背景:最近,我们报道了他莫昔芬耐药(TAM-R)乳腺癌细胞对辐照具有交叉耐药性。在此,我们研究了他莫昔芬诱导放射抗性的相关机制,旨在预防或逆转抗性,改善乳腺癌治疗:方法:使用 Seahorse 代谢分析仪分析野生型 ERα 阳性 MCF7 和 ERα 阴性 MDA-MB-231 乳腺癌细胞及其 TAM-R 对应细胞的细胞代谢。还测定了实时 ROS 生成、毒性以及对 H2O2、他莫昔芬和辐照的抗氧化能力。对 28 名乳腺癌患者短期手术前他莫昔芬治疗前后的肿瘤材料(ClinicalTrials.gov Identifier:NCT00738777,2008 年 8 月 19 日)和细胞材料进行了 NRF2 基因表达和免疫组化分析。通过药理抑制作用确定了 TAM-R 细胞对辐照的再敏感性:结果:TAM-R细胞的耗氧量降低,糖酵解增加,表明线粒体功能障碍。然而,这并不能解释放射抗性,因为没有线粒体的细胞(Rho-0)实际上对放射更敏感。他莫昔芬和 H2O2 暴露后的实时 ROS 测量表明,TAM-R 细胞的 ROS 水平和毒性较低。同样,TAM-R 细胞中的抗氧化剂水平也更高,从而提供了对辐照诱导的 ROS 的保护。抗氧化反应的主要激活剂 NRF2 在 TAM-R 细胞和接受短期术前他莫昔芬治疗的患者的肿瘤组织中有所增加。抑制NRF2可使TAM-R细胞对辐照重新敏感:结论:他莫昔芬诱导放射抗性的机制与细胞对持续增加的 ROS 水平的适应有关,这导致细胞的抗氧化能力和糖酵解能力长期处于上调状态。药物抑制抗氧化反应可使乳腺癌细胞对辐照重新敏感。
本文章由计算机程序翻译,如有差异,请以英文原文为准。

Tamoxifen induces radioresistance through NRF2-mediated metabolic reprogramming in breast cancer.

Tamoxifen induces radioresistance through NRF2-mediated metabolic reprogramming in breast cancer.

Tamoxifen induces radioresistance through NRF2-mediated metabolic reprogramming in breast cancer.

Tamoxifen induces radioresistance through NRF2-mediated metabolic reprogramming in breast cancer.

Background: Recently, we reported that tamoxifen-resistant (TAM-R) breast cancer cells are cross-resistant to irradiation. Here, we investigated the mechanisms associated with tamoxifen-induced radioresistance, aiming to prevent or reverse resistance and improve breast cancer treatment.

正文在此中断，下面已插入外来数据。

(* In a sufficiently small neighborhood of $s_0\in\mathbb{R}$, the signed Korányi chord length function $\operatorname{ch}_{\mathcal{H}}$ is a smooth function satisfying $\operatorname{ch}_{\mathcal{H}}'(s)>0$. Moreover, the size of such a neighborhood in $\mathbb{R}$ can be taken uniformly for all $p\in K$.
   Context: $\mathcal{H}=\mathbb{C}\times\mathbb{R}$ is the 3-dimensional Heisenberg group with coordinates $(x,y,u)$, group law $(x,y,u)\cdot(x',y',u')=(x+x',y+y',u+u'+\tfrac12(xy'-x'y))$, horizontal distribution spanned by $X=\partial_x-\tfrac12 y\,\partial_u$, $Y=\partial_y+\tfrac12 x\,\partial_u$ (orthonormal, norm $|\cdot|$). The Korányi distance is $d_{\mathcal{H}}(p,q)=\|p^{-1}q\|_{\mathcal{H}}$ with $\|(x,y,u)\|_{\mathcal{H}}=\sqrt[4]{(x^2+y^2)^2+16u^2}$. Let $K$ be a smooth Legendrian knot (closed, embedded, with horizontal velocity), parametrized by arc length $\gamma$, extended to a periodic map $\gamma\colon\mathbb{R}\to\mathcal{H}$ with period the length of $K$. Fix $p=\gamma(s_0)\in K$. The signed chord length function $\operatorname{ch}_{\mathcal{H}}\colon\mathbb{R}\to\mathbb{R}$ is defined by $\operatorname{ch}_{\mathcal{H}}(s)=d_{\mathcal{H}}(p,\gamma(s))$ for $s>s_0$, $0$ for $s=s_0$, and $-d_{\mathcal{H}}(p,\gamma(s))$ for $s<s_0$. *)

From Stdlib Require Import Reals Lra.
From Coquelicot Require Import Coquelicot.
Open Scope R_scope.

(* Heisenberg group H = R^3 with coordinates (x,y,u). *)
Definition hpoint : Type := (R * R * R)%type.

Definition hmul (p q : hpoint) : hpoint :=
  let '(x, y, u) := p in let '(x', y', u') := q in
  (x + x', y + y', u + u' + / 2 * (x * y' - x' * y)).

Definition hinv (p : hpoint) : hpoint :=
  let '(x, y, u) := p in (- x, - y, - u).

Definition koranyi_norm (p : hpoint) : R :=
  let '(x, y, u) := p in sqrt (sqrt ((x ^ 2 + y ^ 2) ^ 2 + 16 * u ^ 2)).

Definition koranyi_dist (p q : hpoint) : R := koranyi_norm (hmul (hinv p) q).

Definition curve (gx gy gu : R -> R) (s : R) : hpoint := (gx s, gy s, gu s).

Definition smooth_fun (f : R -> R) : Prop := forall n x, ex_derive_n f n x.

(* Legendrian knot of length L parametrized by arc length, extended
   L-periodically to R:
   - smooth coordinates;
   - horizontal velocity: u' = 1/2 (x y' - y x')
     (i.e. gamma' = x' X + y' Y);
   - arc length: |gamma'| = sqrt(x'^2 + y'^2) = 1;
   - L-periodic, and injective on [0,L) (closed embedded curve;
     hence L is the length of K). *)
Definition legendrian_knot_al (gx gy gu : R -> R) (L : R) : Prop :=
  0 < L /\
  smooth_fun gx /\ smooth_fun gy /\ smooth_fun gu /\
  (forall s, Derive gu s = / 2 * (gx s * Derive gy s - gy s * Derive gx s)) /\
  (forall s, (Derive gx s) ^ 2 + (Derive gy s) ^ 2 = 1) /\
  (forall s, curve gx gy gu (s + L) = curve gx gy gu s) /\
  (forall s t, 0 <= s < L -> 0 <= t < L ->
     curve gx gy gu s = curve gx gy gu t -> s = t).

Definition chord_H (gx gy gu : R -> R) (s0 s : R) : R :=
  if Rlt_dec s0 s then koranyi_dist (curve gx gy gu s0) (curve gx gy gu s)
  else if Rlt_dec s s0 then - koranyi_dist (curve gx gy gu s0) (curve gx gy gu s)
  else 0.

From Stdlib Require Import Reals Lra Lia ZArith.
From Coquelicot Require Import Coquelicot.
Open Scope R_scope.

(* Write gamma(c)^-1 gamma(r) = (dx, dy, du).  Hadamard's lemma, in the form
   f r = f c + (r - c)^(k+1) * int_0^1 t^k g (c + t (r - c)) dt  when  f' = (t - c)^k g,
   gives dx = (r - c) qx and dy = (r - c) qy with smooth quotients; since the curve is
   horizontal, du' = (dx y' - dy x') / 2 = (r - c) (qx y' - qy x') / 2 vanishes to second
   order, so du = (r - c)^3 qu as well.  Hence ch(r) = (r - c) M(r)^(1/4) with
   M = (qx^2 + qy^2)^2 + 16 (r - c)^2 qu^2 smooth and M(c) = 1, and
   ch' = (4 M + (r - c) M') / (4 M^(3/4)), where the derivatives of the quotients cancel:
   4 M + (r - c) M' = 4 (qx^2 + qy^2) (qx x' + qy y') + O((r - c)^2), which is close to 4
   because the curve has unit speed.  Every error term is controlled by a bound B on the
   second derivatives of x and y, which exists uniformly because the knot is periodic;
   so the neighbourhood of radius 1/(16 B) works for every base point. *)

Lemma Derive_n_S_Derive (f : R -> R) n x :
  Derive_n f (S n) x = Derive_n (Derive f) n x.
Proof.
  revert x; induction n as [|n IH]; intros x; [reflexivity|].
  apply Derive_ext, IH.
Qed.

Lemma ex_derive_n_S_Derive (f : R -> R) n x :
  ex_derive f x -> ex_derive_n (Derive f) n x -> ex_derive_n f (S n) x.
Proof.
  intros Hf Hn; destruct n as [|n]; [exact Hf|].
  eapply ex_derive_ext; [|exact Hn].
  intros t; symmetry; apply Derive_n_S_Derive.
Qed.

Lemma ex_derive_n_Derive (f : R -> R) n x :
  ex_derive_n f (S n) x -> ex_derive_n (Derive f) n x.
Proof.
  intros Hn; destruct n as [|n]; [exact I|].
  eapply ex_derive_ext; [|exact Hn].
  intros t; apply Derive_n_S_Derive.
Qed.

Lemma locally_interval (a b x : R) : a < x < b -> locally x (fun y => a < y < b).
Proof.
  intros Hx. apply (open_and _ _ (open_gt a) (open_lt b)), Hx.
Qed.

Definition Cn_on (a b : R) (n : nat) (f : R -> R) : Prop :=
  forall k x, (k <= n)%nat -> a < x < b -> ex_derive_n f k x.

Section CnOn.
Variables a b : R.

Lemma Cn_on_locally n f x : Cn_on a b n f -> a < x < b ->
  locally x (fun y => forall k, (k <= n)%nat -> ex_derive_n f k y).
Proof.
  intros Hf Hx. eapply filter_imp; [|exact (locally_interval a b x Hx)].
  intros y Hy k Hk. exact (Hf k y Hk Hy).
Qed.

Lemma Cn_on_le m n f : (m <= n)%nat -> Cn_on a b n f -> Cn_on a b m f.
Proof. intros Hmn Hf k x Hk. apply Hf; lia. Qed.

Lemma Cn_on_ex_derive n f x : Cn_on a b (S n) f -> a < x < b -> ex_derive f x.
Proof. intros Hf Hx. exact (Hf 1%nat x ltac:(lia) Hx). Qed.

Lemma Cn_on_Derive n f : Cn_on a b (S n) f -> Cn_on a b n (Derive f).
Proof. intros Hf k x Hk Hx. apply ex_derive_n_Derive, Hf; [lia|exact Hx]. Qed.

Lemma Cn_on_S n f f' : (forall x, a < x < b -> is_derive f x (f' x)) ->
  Cn_on a b n f' -> Cn_on a b (S n) f.
Proof.
  intros Hd Hf' [|k] x Hk Hx; [exact I|].
  apply ex_derive_n_S_Derive; [eexists; exact (Hd x Hx)|].
  apply (ex_derive_n_ext_loc f'); [|apply Hf'; [lia|exact Hx]].
  eapply filter_imp; [|exact (locally_interval a b x Hx)].
  intros y Hy. symmetry. exact (is_derive_unique _ _ _ (Hd y Hy)).
Qed.

Lemma Cn_on_smooth n f : smooth_fun f -> Cn_on a b n f.
Proof. intros Hf k x _ _. apply Hf. Qed.

Lemma Cn_on_const n c : Cn_on a b n (fun _ => c).
Proof. intros k x _ _. apply ex_derive_n_const. Qed.

Lemma Cn_on_plus n f g : Cn_on a b n f -> Cn_on a b n g ->
  Cn_on a b n (fun x => f x + g x).
Proof.
  intros Hf Hg k x Hk Hx.
  apply ex_derive_n_plus; [eapply filter_imp; [|exact (Cn_on_locally n _ x Hf Hx)]
    |eapply filter_imp; [|exact (Cn_on_locally n _ x Hg Hx)]];
    intros y Hy j Hj; apply Hy; lia.
Qed.

Lemma Cn_on_opp n f : Cn_on a b n f -> Cn_on a b n (fun x => - f x).
Proof. intros Hf k x Hk Hx. apply ex_derive_n_opp, Hf; assumption. Qed.

Lemma Cn_on_mult n : forall f g, Cn_on a b n f -> Cn_on a b n g ->
  Cn_on a b n (fun x => f x * g x).
Proof.
  induction n as [|n IH]; intros f g Hf Hg.
  - intros [|k] x Hk; [intros _; exact I|lia].
  - apply (Cn_on_S n _ (fun x => Derive f x * g x + f x * Derive g x)).
    + intros x Hx. apply (is_derive_mult f g); try (apply Derive_correct;
        eapply Cn_on_ex_derive; eassumption). exact Rmult_comm.
    + apply Cn_on_plus; apply IH; auto using Cn_on_Derive;
        apply (Cn_on_le n (S n)); auto.
Qed.

Lemma Cn_on_inv n : forall f, Cn_on a b n f -> (forall x, a < x < b -> f x <> 0) ->
  Cn_on a b n (fun x => / f x).
Proof.
  induction n as [|n IH]; intros f Hf Hnz.
  - intros [|k] x Hk; [intros _; exact I|lia].
  - apply (Cn_on_S n _ (fun x => - (Derive f x * (/ f x * / f x)))).
    + intros x Hx. specialize (Hnz x Hx).
      replace (- (Derive f x * (/ f x * / f x))) with (- Derive f x / f x ^ 2)
        by (field; exact Hnz).
      apply is_derive_inv; [apply Derive_correct; eapply Cn_on_ex_derive|]; eassumption.
    + assert (Hinv := IH f (Cn_on_le n (S n) f ltac:(lia) Hf) Hnz).
      apply Cn_on_opp, Cn_on_mult, Cn_on_mult; auto using Cn_on_Derive.
Qed.

Lemma Cn_on_sqrt n : forall f, Cn_on a b n f -> (forall x, a < x < b -> 0 < f x) ->
  Cn_on a b n (fun x => sqrt (f x)).
Proof.
  induction n as [|n IH]; intros f Hf Hpos.
  - intros [|k] x Hk; [intros _; exact I|lia].
  - apply (Cn_on_S n _ (fun x => Derive f x * / (2 * sqrt (f x)))).
    + intros x Hx. apply is_derive_sqrt; [|exact (Hpos x Hx)].
      apply Derive_correct; eapply Cn_on_ex_derive; eassumption.
    + assert (Hsqrt := IH f (Cn_on_le n (S n) f ltac:(lia) Hf) Hpos).
      apply Cn_on_mult; [apply Cn_on_Derive; exact Hf|].
      apply Cn_on_inv; [apply Cn_on_mult; [apply Cn_on_const|exact Hsqrt]|].
      intros x Hx. specialize (sqrt_lt_R0 _ (Hpos x Hx)). lra.
Qed.
End CnOn.

Lemma smooth_fun_of_Cn_on f : (forall n a b, Cn_on a b n f) -> smooth_fun f.
Proof. intros Hf n x. exact (Hf n (x - 1) (x + 1) n x (le_n n) ltac:(lra)). Qed.

Lemma smooth_fun_const c : smooth_fun (fun _ => c).
Proof. intros n x. apply ex_derive_n_const. Qed.

Lemma smooth_fun_id : smooth_fun (fun x => x).
Proof.
  intros n x. eapply ex_derive_n_ext; [|exact (ex_derive_n_pow n 1 x)].
  intros t; apply pow_1.
Qed.

Lemma smooth_fun_plus f g : smooth_fun f -> smooth_fun g -> smooth_fun (fun x => f x + g x).
Proof.
  intros Hf Hg. apply smooth_fun_of_Cn_on; intros n a b.
  apply Cn_on_plus; apply Cn_on_smooth; assumption.
Qed.

Lemma smooth_fun_opp f : smooth_fun f -> smooth_fun (fun x => - f x).
Proof. intros Hf n x. apply ex_derive_n_opp, Hf. Qed.

Lemma smooth_fun_minus f g : smooth_fun f -> smooth_fun g -> smooth_fun (fun x => f x - g x).
Proof. intros Hf Hg. apply smooth_fun_plus, smooth_fun_opp; assumption. Qed.

Lemma smooth_fun_mult f g : smooth_fun f -> smooth_fun g -> smooth_fun (fun x => f x * g x).
Proof.
  intros Hf Hg. apply smooth_fun_of_Cn_on; intros n a b.
  apply Cn_on_mult; apply Cn_on_smooth; assumption.
Qed.

Lemma smooth_fun_pow f k : smooth_fun f -> smooth_fun (fun x => f x ^ k).
Proof.
  intros Hf. induction k as [|k IH]; [exact (smooth_fun_const 1)|].
  apply (smooth_fun_mult f (fun x => f x ^ k)); assumption.
Qed.

Lemma smooth_fun_Derive f : smooth_fun f -> smooth_fun (Derive f).
Proof. intros Hf n x. apply ex_derive_n_Derive, Hf. Qed.

Lemma smooth_fun_ex_derive f x : smooth_fun f -> ex_derive f x.
Proof. intros Hf. exact (Hf 1%nat x). Qed.

Lemma smooth_fun_continuous f x : smooth_fun f -> continuous f x.
Proof.
  intros Hf. apply (@ex_derive_continuous R_AbsRing R_NormedModule), smooth_fun_ex_derive, Hf.
Qed.

Lemma smooth_fun_continuous_Derive f x : smooth_fun f -> continuous (Derive f) x.
Proof. intros Hf. apply smooth_fun_continuous, smooth_fun_Derive, Hf. Qed.

Definition seg_avg (k : nat) (g : R -> R) (c s : R) : R :=
  RInt (fun t => t ^ k * g (c + t * (s - c))) 0 1.

Lemma continuous_seg_integrand k g c s t : (forall y, continuous g y) ->
  continuous (fun t => t ^ k * g (c + t * (s - c))) t.
Proof.
  intros Hg. apply (continuous_mult (fun t => t ^ k)).
  - apply (@ex_derive_continuous R_AbsRing R_NormedModule). auto_derive. exact I.
  - apply (continuous_comp (fun t => c + t * (s - c)) g); [|apply Hg].
    apply (@ex_derive_continuous R_AbsRing R_NormedModule). auto_derive. exact I.
Qed.

Lemma ex_RInt_seg_integrand k g c s : (forall y, continuous g y) ->
  ex_RInt (fun t => t ^ k * g (c + t * (s - c))) 0 1.
Proof.
  intros Hg. apply (@ex_RInt_continuous R_CompleteNormedModule).
  intros t _. apply continuous_seg_integrand, Hg.
Qed.

Lemma is_derive_seg_integrand k g c t u : ex_derive g (c + t * (u - c)) ->
  is_derive (fun u => t ^ k * g (c + t * (u - c))) u
    (t ^ S k * Derive g (c + t * (u - c))).
Proof.
  intros Hg. auto_derive; [exact Hg|].
  change (fun x : R => g x) with g. replace (u + - c) with (u - c) by ring. simpl. ring.
Qed.

Lemma is_derive_seg_avg k g c s :
  (forall y, ex_derive g y) -> (forall y, continuous (Derive g) y) ->
  is_derive (seg_avg k g c) s (seg_avg (S k) (Derive g) c s).
Proof.
  intros Hg Hdg. unfold seg_avg.
  erewrite (@RInt_ext R_CompleteNormedModule (fun t => t ^ S k * _)).
  2: { intros t _. symmetry.
       exact (is_derive_unique _ _ _ (is_derive_seg_integrand k g c t s (Hg _))). }
  apply (is_derive_RInt_param (fun u t => t ^ k * g (c + t * (u - c)))).
  - apply filter_forall. intros u t _. eexists. apply is_derive_seg_integrand, Hg.
  - intros t _.
    apply continuity_2d_pt_ext with
      (f := fun u v => v ^ S k * Derive g (c + v * (u - c))).
    { intros u v. symmetry. apply is_derive_unique, is_derive_seg_integrand, Hg. }
    apply continuity_2d_pt_mult.
    + apply (continuity_1d_2d_pt_comp (fun v => v ^ S k) (fun _ v => v)).
      * apply derivable_continuous_pt, derivable_pt_pow.
      * apply continuity_2d_pt_id2.
    + apply (continuity_1d_2d_pt_comp (Derive g) (fun u v => c + v * (u - c))).
      * apply continuity_pt_filterlim, Hdg.
      * apply continuity_2d_pt_plus; [apply continuity_2d_pt_const|].
        apply continuity_2d_pt_mult; [apply continuity_2d_pt_id2|].
        apply continuity_2d_pt_minus; [apply continuity_2d_pt_id1|apply continuity_2d_pt_const].
  - apply filter_forall. intros u. apply ex_RInt_seg_integrand.
    intros y. apply (@ex_derive_continuous R_AbsRing R_NormedModule), Hg.
Qed.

Methods: Wild-type ERα-positive MCF7 and ERα-negative MDA-MB-231 breast cancer cells and their TAM-R counterparts were analyzed for cellular metabolism using the Seahorse metabolic analyzer. Real-time ROS production, toxicity, and antioxidant capacity in response to H2O2, tamoxifen, and irradiation were determined. Tumor material from 28 breast cancer patients before and after short-term presurgical tamoxifen (ClinicalTrials.gov Identifier: NCT00738777, August 19, 2008) and cellular material was analyzed for NRF2 gene expression and immunohistochemistry. Re-sensitization of TAM-R cells to irradiation was established using pharmacological inhibition.

Results: TAM-R cells exhibited decreased oxygen consumption and increased glycolysis, suggesting mitochondrial dysfunction. However, this did not explain radioresistance, as cells without mitochondria (Rho-0) were actually more radiosensitive. Real-time measurement of ROS after tamoxifen and H2O2 exposure indicated lower ROS levels and toxicity in TAM-R cells. Consistently, higher antioxidant levels were found in TAM-R cells, providing protection from irradiation-induced ROS. NRF2, a main activator of the antioxidant response, was increased in TAM-R cells and in tumor tissue of patients treated with short-term presurgical tamoxifen. NRF2 inhibition re-sensitized TAM-R cells to irradiation.

Conclusion: Mechanisms underlying tamoxifen-induced radioresistance are linked to cellular adaptations to persistently increased ROS levels, leading to cells with chronically upregulated antioxidant capacity and glycolysis. Pharmacological inhibition of antioxidant responses re-sensitizes breast cancer cells to irradiation.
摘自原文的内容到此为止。